Sua voz grave e rouca ecoou por meus ossos, um adeus. Eu jamais saberia como me preparar para aquilo, para ele. Seus braços me levaram até a cama, porque ele sabia que eu não suportaria ficar de pé depois daquilo. Ele colocou a mochila nas costas e pegou o cabo da mala, cada movimento lento como um efeito de um filme de Hollywood. Um mais torturante que o outro, vi Toni abrir a porta. Observei suas costas largas conforme ele desaparecia escada abaixo. Corri até o corrimão a tempo de vê-lo cumprimentar o motorista, e dar uma última olhada para trás. Um sorriso triste. Só aí consegui chorar.

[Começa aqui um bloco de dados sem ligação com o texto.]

(* Let $A\in\mathbb{R}^{m\times n}$ with $\operatorname{rk}(A)=m$, $b\in\mathbb{R}^m$, $P=\{x\in\mathbb{R}^n: Ax=b,\ x\ge\mathbb{0}\}$. Let $B\subseteq[n]$ be a feasible basis, $N=[n]\setminus B$, $x^*=(A_B^{-1}b,\mathbb{0}_N)\in P$, and let $x^{(0)}$ be a vertex of $P$. Consider the following procedure: for $t=0,1,\dots$, while $x^{(t)}\ne x^*$, take a conformal circuit decomposition $x^*-x^{(t)}=\sum_{j=1}^k h^{(j)}$ with $k\le n-m$, choose $g^{(t)}=h^{(j)}$ for some $j$ maximizing $\|h^{(j)}_N\|_1$, and set $x^{(t+1)}=\operatorname{aug}_P(x^{(t)},g^{(t)})$. Define $L_t=\{i\in[n]: x^*_i>n\kappa_A\|x^{(t)}_N\|_1\}$ and $R_t=\{i\in[n]: x^{(t)}_i\le(n-m)x^*_i\}$. Then for every iteration $t\ge0$, $L_t\subseteq L_{t+1}\subseteq B$ and $R_t\subseteq R_{t+1}$.
   Context: An elementary vector of $\ker(A)$ is a nonzero $g\in\ker(A)$ with inclusion-minimal support among nonzero vectors of $\ker(A)$; $\kappa_A=\max\{|g_i|/|g_j|: g \text{ elementary},\ i,j\in\mathrm{supp}(g)\}$. Vectors $x,y$ are sign-compatible if $x_iy_i\ge0$ for all $i$; $x\sqsubseteq y$ means they are sign-compatible and $|x_i|\le|y_i|$ for all $i$. A conformal circuit decomposition of $x\in\ker(A)$ is an expression $x=\sum_{j=1}^k h^{(j)}$ with each $h^{(j)}$ elementary and $h^{(j)}\sqsubseteq x$ (one with $k\le n-m$ always exists). For $x\in P$ and elementary $g$, $\operatorname{aug}_P(x,g)=x+\alpha g$ with $\alpha=\max\{\bar\alpha: x+\bar\alpha g\in P\}$. *)

From mathcomp Require Import all_boot all_order all_algebra.
From mathcomp Require Import classical_sets reals.
Set Implicit Arguments.
Unset Strict Implicit.
Unset Printing Implicit Defensive.
Import Order.TTheory GRing.Theory Num.Theory.
Local Open Scope ring_scope.

Section Defs.
Variables (R : realType) (m n : nat).
Implicit Types (A : 'M[R]_(m, n)) (b : 'cV[R]_m) (x y g h : 'cV[R]_n).

Definition supp x : {set 'I_n} := [set i | x i 0 != 0].

Definition inP A b x : Prop := A *m x = b /\ forall i, 0 <= x i 0.

Definition vertex A b x : Prop :=
  inP A b x /\
  forall y z (lam : R), inP A b y -> inP A b z -> 0 < lam < 1 ->
    x = lam *: y + (1 - lam) *: z -> y = z.

Definition elementary A g : Prop :=
  A *m g = 0 /\ g != 0 /\
  forall h, A *m h = 0 -> h != 0 -> supp h \subset supp g -> supp h = supp g.

(* kappa_A = max { |g_i|/|g_j| : g elementary, i,j in supp g }
   (the set is finite; its supremum is its maximum; 0 if ker A = 0) *)
Definition kappa A : R :=
  sup [set r : R | exists g, elementary A g /\
        exists i j, i \in supp g /\ j \in supp g /\ r = `|g i 0| / `|g j 0| ].

Definition conf_le x y : Prop :=
  forall i, 0 <= x i 0 * y i 0 /\ `|x i 0| <= `|y i 0|.

Definition conf_decomp A x (hs : seq 'cV[R]_n) (k : nat) : Prop :=
  x = \sum_(h <- hs) h /\ (size hs <= k)%N /\
  forall h, h \in hs -> elementary A h /\ conf_le h x.

Definition is_aug A b x g y : Prop :=
  exists alpha : R, y = x + alpha *: g /\ inP A b (x + alpha *: g) /\
    forall a : R, inP A b (x + a *: g) -> a <= alpha.

Definition normN1 (B : {set 'I_n}) x : R := \sum_(i in ~: B) `|x i 0|.

Definition colsB A (B : {set 'I_n}) : 'M[R]_(m, #|B|) :=
  colsub (fun k : 'I_#|B| => enum_val k) A.

End Defs.

From mathcomp Require Import all_boot all_order all_algebra.
From mathcomp Require Import classical_sets reals.
From mathcomp Require Import lra boolp.
Set Implicit Arguments.
Unset Strict Implicit.
Unset Printing Implicit Defensive.
Import Order.TTheory GRing.Theory Num.Theory.
Local Open Scope ring_scope.

(* The augmented point x + alpha g moves every coordinate of x towards x*
   (g is conformal to x* - x, and alpha >= 1 because x + g already lies in P),
   so ||x_N||_1 does not increase, which makes L_t grow; L_{t+1} lies in B
   because x*_N = 0.  On N we have g <= 0 and x + alpha g >= 0, whence
   alpha ||g_N||_1 <= ||x_N||_1 = ||(x* - x)_N||_1 <= (n - m) ||g_N||_1 by the
   choice of g among at most n - m circuits, and g_N <> 0 since A_B is
   nonsingular; so alpha <= n - m, and then (x + alpha g)_i <= alpha x*_i
   wherever g_i > 0, which makes R_t grow. *)

Lemma kappa_ge0 (R : realType) m n (A : 'M[R]_(m, n)) : 0 <= kappa A.
Proof.
rewrite /kappa; set E := (X in sup X).
have [supE|/sup_out ->//] := pselect (has_sup E).
have [[r Er] _] := supE.
apply: le_trans (ub_le_sup supE.2 Er).
by case: Er => g [_ [i [j [_ [_ ->]]]]]; rewrite divr_ge0.
Qed.

Lemma conformal_between (R : realDomainType) (a d : R) :
  0 <= a * d -> `|a| <= `|d| -> (0 <= a <= d) || (d <= a <= 0).
Proof.
case: (lerP 0 a) => a0; case: (lerP 0 d) => d0;
  rewrite ?(ger0_norm a0) ?(ltr0_norm a0) ?(ger0_norm d0) ?(ltr0_norm d0);
  move=> ad le_ad;
  apply/orP; first [left; apply/andP; split; nra | right; apply/andP; split; nra].
Qed.

Section OffBasisNorm.
Variables (R : realType) (m n : nat) (B : {set 'I_n}).
Implicit Types (v : 'cV[R]_n) (hs : seq 'cV[R]_n).

Lemma normN1_ge0 v : 0 <= normN1 B v.
Proof. exact: sumr_ge0. Qed.

Lemma normN1_eq0 v : normN1 B v = 0 -> forall j, j \notin B -> v j 0 = 0.
Proof.
move/psumr_eq0P => v0 j jB; apply/normr0_eq0/v0 => [i _|]; last by rewrite inE.
exact: normr_ge0.
Qed.

Lemma normN1_sum_le hs : normN1 B (\sum_(h <- hs) h) <= \sum_(h <- hs) normN1 B h.
Proof.
rewrite /normN1 exchange_big /=; apply: ler_sum => j _.
by rewrite summxE ler_norm_sum.
Qed.

Lemma normN1_sum_le_size hs (k : nat) (c : R) :
  (size hs <= k)%N -> 0 <= c -> (forall h, h \in hs -> normN1 B h <= c) ->
  normN1 B (\sum_(h <- hs) h) <= k%:R * c.
Proof.
move=> size_hs c0 hs_le; apply: le_trans (normN1_sum_le hs) _.
apply: le_trans (_ : \sum_(h <- hs) c <= _).
  by rewrite big_seq [X in _ <= X]big_seq; apply: ler_sum.
rewrite big_const_seq count_predT iter_addr_0 -[c *+ _]mulr_natl.
by rewrite ler_wpM2r // ler_nat.
Qed.

Lemma normN1_subl (xs v : 'cV[R]_n) : (forall j, j \notin B -> xs j 0 = 0) ->
  normN1 B (xs - v) = normN1 B v.
Proof.
move=> xsN; apply: eq_bigr => j; rewrite inE => jB.
by rewrite !mxE xsN // sub0r normrN.
Qed.

Variable A : 'M[R]_(m, n).
Hypothesis colsB_free : \rank (colsB A B) = #|B|.

Lemma kernel_offB_eq0 v :
  A *m v = 0 -> (forall j, j \notin B -> v j 0 = 0) -> v = 0.
Proof.
move=> Av vN; pose vB : 'cV[R]_#|B| := \col_k v (enum_val k) 0.
have AvB : colsB A B *m vB = 0.
  rewrite -Av; apply/matrixP => r c; rewrite (ord1 c) !mxE (bigID (mem B)) /=.
  rewrite [X in _ + X]big1 ?addr0; last by move=> j /vN ->; rewrite mulr0.
  rewrite (big_enum_val (fun j => A r j * v j 0)).
  by apply: eq_bigr => k _; rewrite !mxE.
have vB0 : vB = 0.
  have free : row_free (colsB A B)^T by rewrite /row_free mxrank_tr colsB_free.
  by apply/trmx_inj/eqP; rewrite trmx0 -(mulmx_free_eq0 _ free) -trmx_mul AvB trmx0.
apply/matrixP => j c; rewrite (ord1 c) mxE.
have [jB|/vN //] := boolP (j \in B).
have := congr1 (fun w : 'cV[R]_#|B| => w (enum_rank_in jB j) 0) vB0.
by rewrite !mxE enum_rankK_in.
Qed.

Lemma normN1_kernel_gt0 v : A *m v = 0 -> v != 0 -> 0 < normN1 B v.
Proof.
move=> Av v_neq0; rewrite lt0r normN1_ge0 andbT.
by apply: contraNneq v_neq0 => /normN1_eq0/(@kernel_offB_eq0 _ Av) ->.
Qed.

End OffBasisNorm.

Section ConformalAugmentation.
Variables (R : realType) (m n : nat) (A : 'M[R]_(m, n)) (b : 'cV[R]_m).
Variables (xs x g : 'cV[R]_n) (alpha : R).
Hypotheses (Pxs : inP A b xs) (Px : inP A b x).
Hypotheses (Ag : A *m g = 0) (g_conf : conf_le g (xs - x)).
Hypothesis alpha_max : forall a : R, inP A b (x + a *: g) -> a <= alpha.
Hypothesis P_aug : inP A b (x + alpha *: g).

Lemma conf_le_coord i :
  (0 <= g i 0 <= xs i 0 - x i 0) || (xs i 0 - x i 0 <= g i 0 <= 0).
Proof. by have [] := g_conf i; rewrite !mxE; apply: conformal_between. Qed.

Lemma inP_add_conf : inP A b (x + g).
Proof.
split; first by rewrite mulmxDr Px.1 Ag addr0.
move=> i; rewrite !mxE; have := Px.2 i; have := Pxs.2 i.
by case/orP: (conf_le_coord i) => /andP[]; lra.
Qed.

Lemma aug_step_ge1 : 1 <= alpha.
Proof. by apply: alpha_max; rewrite scale1r; exact: inP_add_conf. Qed.

Lemma aug_coord_ge0 i : 0 <= x i 0 + alpha * g i 0.
Proof. by have := P_aug.2 i; rewrite !mxE. Qed.

Lemma conf_coord_le0 j : xs j 0 = 0 -> g j 0 <= 0.
Proof.
move=> xsj; have := Px.2 j; move: (conf_le_coord j); rewrite xsj.
by case/orP => /andP[]; lra.
Qed.

Lemma aug_coord_le (K : R) i : alpha <= K ->
  x i 0 <= K * xs i 0 -> (x + alpha *: g) i 0 <= K * xs i 0.
Proof.
rewrite !mxE => alpha_le x_le; have := aug_step_ge1; have := Px.2 i.
have := Pxs.2 i; case/orP: (conf_le_coord i) => /andP[]; nra.
Qed.

Variable B : {set 'I_n}.
Hypothesis xs_offB : forall j, j \notin B -> xs j 0 = 0.

Lemma normN1_aug_le : normN1 B (x + alpha *: g) <= normN1 B x.
Proof.
apply: ler_sum => j; rewrite inE => jB; rewrite !mxE.
rewrite !ger0_norm ?aug_coord_ge0 ?Px.2 //.
have := conf_coord_le0 (xs_offB jB); have := aug_step_ge1; nra.
Qed.

Lemma aug_step_normN1_le : alpha * normN1 B g <= normN1 B x.
Proof.
rewrite /normN1 mulr_sumr; apply: ler_sum => j; rewrite inE => jB.
have gj_le0 := conf_coord_le0 (xs_offB jB); have := aug_coord_ge0 j.
rewrite (ger0_norm (Px.2 j)) (ler0_norm gj_le0); nra.
Qed.

Lemma aug_step_le (K : R) :
  0 < normN1 B g -> normN1 B x <= K * normN1 B g -> alpha <= K.
Proof.
by move=> g_gt0 x_le; rewrite -(ler_pM2r g_gt0) (le_trans aug_step_normN1_le).
Qed.

End ConformalAugmentation.

Theorem lemma3p2 (R : realType) (m n : nat)
  (A : 'M[R]_(m, n)) (b : 'cV[R]_m) (B : {set 'I_n}) (xs : 'cV[R]_n)
  (x g : nat -> 'cV[R]_n) :
  \rank A = m ->
  (* B is a basis: |B| = m and A_B is nonsingular *)
  #|B| = m -> \rank (colsB A B) = m ->
  (* x* = (A_B^{-1} b, 0_N), and x* in P (feasibility of B) *)
  (forall i, i \notin B -> xs i 0 = 0) -> A *m xs = b -> inP A b xs ->
  vertex A b (x 0%N) ->
  (* the procedure, for every iteration t reached (x^(s) <> x* for s <= t) *)
  (forall t : nat, (forall s, (s <= t)%N -> x s != xs) ->
     (exists hs : seq 'cV[R]_n,
        conf_decomp A (xs - x t) hs (n - m) /\ g t \in hs /\
        forall h, h \in hs -> normN1 B h <= normN1 B (g t)) /\
     is_aug A b (x t) (g t) (x t.+1)) ->
  let L := fun t : nat =>
    [set i : 'I_n | n%:R * kappa A * normN1 B (x t) < xs i 0] in
  let Rt := fun t : nat =>
    [set i : 'I_n | x t i 0 <= (n - m)%:R * xs i 0] in
  forall t : nat, (forall s, (s <= t)%N -> x s != xs) ->
    (L t \subset L t.+1) && (L t.+1 \subset B) && (Rt t \subset Rt t.+1).
Proof.
move=> _ cardB rankB xs_offB _ Pxs [Px0 _] step L Rt t reached.
have Pxt : inP A b (x t).
  case: t reached => [//|t] reached.
  have [_ [al [-> [P_aug _]]]] := step t (fun s st => reached s (leqW st)).
  exact: P_aug.
have [[hs [[dec [size_hs hs_conf]] [g_in g_max]]] aug] := step t reached.
have [[Ag [g_neq0 _]] g_conf] := hs_conf _ g_in.
case: aug => al [x_next [P_aug al_max]].
have g_gt0 : 0 < normN1 B (g t).
  by apply: normN1_kernel_gt0 Ag g_neq0; rewrite rankB cardB.
have al_le : al <= (n - m)%:R.
  apply: (aug_step_le Pxt g_conf P_aug xs_offB g_gt0).
  rewrite -(normN1_subl (x t) xs_offB) dec.
  exact: normN1_sum_le_size size_hs (normN1_ge0 _ _) g_max.
rewrite /L /Rt x_next; apply/andP; split; [apply/andP; split|];
  apply/fintype.subsetP => i; rewrite !inE.
- apply: le_lt_trans; apply: ler_wpM2l; first by rewrite mulr_ge0 ?kappa_ge0.
  exact: (normN1_aug_le Pxs Pxt Ag g_conf al_max P_aug xs_offB).
- apply: contraLR => iNB; rewrite xs_offB // -leNgt.
  by rewrite !mulr_ge0 ?kappa_ge0 ?normN1_ge0.
- exact: (aug_coord_le Pxs Pxt Ag g_conf al_max).
Qed.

Meu irmão me olhava com repulsa, nojo. A culpa era grande o suficiente para me engolir, me esconder completamente nas trevas da vergonha. Eu parecia patética. Meu irmão virou o rosto, e fechou a porta, deixando que minha visão sobre Antoni fosse rompida. Algo se rompeu dentro de mim, quando Pedro me encarou com aquele olhar. Então fiz a primeira coisa que me veio à mente.

— Alô?

A voz animada de Rita invadiu meus ouvidos, me fazendo quase esquecer de toda a dor.

— Aconteceu muita coisa.

Minha amiga não pensou duas vezes.

— Venha pra casa, vou chamar Clara também.

Desliguei o telefone e fui me arrumar, tentando fazer com que a água gelada sufocasse meus soluços debaixo do chuveiro. A falta de Antoni já dominava minhas entranhas, mas pelo menos... agora o caderninho azul estava seguro no meu quarto. Terminei de me arrumar e corri para o carro de Joseph, que já me esperava na frente de casa. Tudo isso sem ter coragem de encarar nenhum dos dois garotos desolados na sala.

— O que houve?

Contei a Joseph. Conforme seu carro manobrava nas ruas e atalhos, expliquei cada detalhe desde minha confissão, até o momento em que meu irmão puxou Antoni com ele. Eu me sentia vazia. Me senti desolada, sozinha e culpada. E cada informação saiu acompanhada de uma lágrima, com tanta intensidade, que Joseph acabou parando em uma parte do acostamento. Meu amigo tirou o cinto de segurança, e se inclinou para me tomar nos braços. Afundei em seu abraço e lembrei com humor, da época em que pensei que seria mais fácil me apaixonar por Antoni do que por Pedro. No final, o mais fácil era Joseph. Mas quem disse que meu coração sabia escolher?

— Garotinha em gotas. Vai ficar tudo bem.

Me agarrei ao par de braços que parecia ser meu último amigo naquela imensa confusão. E quis acreditar naquela frase.